----- Dataset excerpts

Lemma pendant_pred p q e : pendant p q e -> exists b f, b != q /\ pendant b p f.
Proof.
move=> [pq pe].
have qp : q \in [set: T] :\ p by rewrite !inE eq_sym pq.
have [B0 [f0 cB0]] := del_cut p; have [B [f [cB qB]]] := cut_avoid cB0 qp.
have [sBp B0' _ cBf] := cB.
have pB : p \notin B by apply/negP => /(subsetP sBp); rewrite !inE eqxx.
have modB : module B.
  move=> z m m' zB mB m'B; have [->|zp] := eqVneq z p.
    have notpq y : y \in B -> y != p /\ y != q.
      by move=> yB; split; [apply: contraTneq yB | apply: contraTneq yB] => ->.
    by have [mp mq] := notpq m mB; have [m'p m'q] := notpq m' m'B; rewrite !pe.
  by rewrite (labC m z) (labC m' z) !cBf // !inE zB zp.
have [b Bb] : exists b, B = [set b].
  apply/cards1P; rewrite eqn_leq card_gt0 B0' andbT; apply: module_trivial modB _.
  by apply: contraNneq pB => ->.
exists b, f; split; first by apply: contraNneq qB => <-; rewrite Bb set11.
by apply: cut1_pendant; rewrite -Bb.
Qed.

Lemma pendant_closed_absurd (C : {set T}) : C != set0 -> C != [set: T] ->
  (forall c, c \in C -> exists q e, q \in C /\ pendant c q e) -> False.
Proof.
move=> C0 CT closedC.
have modC : module (~: C).
  move=> z m m'; rewrite !inE negbK => zC mC m'C.
  have [q [e [qC [_ ze]]]] := closedC z zC.
  have notzq y : y \notin C -> y != z /\ y != q.
    by move=> yC; split; [apply: contraTneq zC | apply: contraTneq qC] => <-.
  by have [mz mq] := notzq m mC; have [m'z m'q] := notzq m' m'C; rewrite !ze.
have [w Cw] : exists w, ~: C = [set w].
  apply/cards1P; rewrite eqn_leq card_gt0 module_trivial //=.
    by apply: contraNneq CT => C'0; rewrite -[C]setCK C'0 setC0.
  by apply: contraNneq C0 => C'T; rewrite -[C]setCK C'T setCT.
have inC z : (z \in C) = (z != w) by rewrite -[z \in C]negbK -in_setC Cw in_set1.
have [A [d cA]] := del_cut w; have [sAw A0 B0 cAB] := cA.
have AC x : x \in A -> x \in C by move/(subsetP sAw); rewrite inC !inE andbT.
have partnerA x q e : x \in A -> q \in C -> pendant x q e -> q \in A.
  move=> xA qC Px; apply: contraT => qA.
  have qB : q \in ([set: T] :\ w) :\: A by rewrite !inE qA -inC qC.
  have Pqw : pendant q w (rev d).
    by apply: cut1_pendant; rewrite -(pendant_cut Px cA xA qB); exact: cutC.
  have [q' [e' [q'C Pq']]] := closedC q qC.
  by move: q'C; rewrite (pendant_uniq Pq' Pqw) inC eqxx.
have /set0Pn [b bB] := B0.
apply: (no_cut (X := A) (d := d)); split=> //.
  by apply/set0Pn; exists w; rewrite !inE andbT; apply: contraTN isT => /AC; rewrite inC eqxx.
move=> x y xA; rewrite !inE andbT => yA.
have [q [e [qC Px]]] := closedC x (AC x xA).
have qA := partnerA x q e xA qC Px; case: Px => _ xe.
have notA z : z \notin A -> z != x /\ z != q.
  by move=> zA; split; [apply: contraTneq xA | apply: contraTneq qA] => <-.
have ed : e = d.
  have /setDP [_ bA] := bB; have [bx bq] := notA b bA.
  by rewrite -(cAB x b xA bB) xe.
have [->|yw] := eqVneq y w; last by apply: cAB; rewrite // !inE yA yw.
have wx : w != x by rewrite eq_sym -inC AC.
have wq : w != q by rewrite eq_sym -inC.
by rewrite xe.
Qed.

----------

Problem details: Using the data above, extract exactly the lines from the one that holds "by move=> yB;" to the one that holds "apply/cards1P; rewrite eqn_leq card_gt0 module_trivial", both ends included, and no others.

Problem solution:
      by move=> yB; split; [apply: contraTneq yB | apply: contraTneq yB] => ->.
    by have [mp mq] := notpq m mB; have [m'p m'q] := notpq m' m'B; rewrite !pe.
  by rewrite (labC m z) (labC m' z) !cBf // !inE zB zp.
have [b Bb] : exists b, B = [set b].
  apply/cards1P; rewrite eqn_leq card_gt0 B0' andbT; apply: module_trivial modB _.
  by apply: contraNneq pB => ->.
exists b, f; split; first by apply: contraNneq qB => <-; rewrite Bb set11.
by apply: cut1_pendant; rewrite -Bb.
Qed.

Lemma pendant_closed_absurd (C : {set T}) : C != set0 -> C != [set: T] ->
  (forall c, c \in C -> exists q e, q \in C /\ pendant c q e) -> False.
Proof.
move=> C0 CT closedC.
have modC : module (~: C).
  move=> z m m'; rewrite !inE negbK => zC mC m'C.
  have [q [e [qC [_ ze]]]] := closedC z zC.
  have notzq y : y \notin C -> y != z /\ y != q.
    by move=> yC; split; [apply: contraTneq zC | apply: contraTneq qC] => <-.
  by have [mz mq] := notzq m mC; have [m'z m'q] := notzq m' m'C; rewrite !ze.
have [w Cw] : exists w, ~: C = [set w].
  apply/cards1P; rewrite eqn_leq card_gt0 module_trivial //=.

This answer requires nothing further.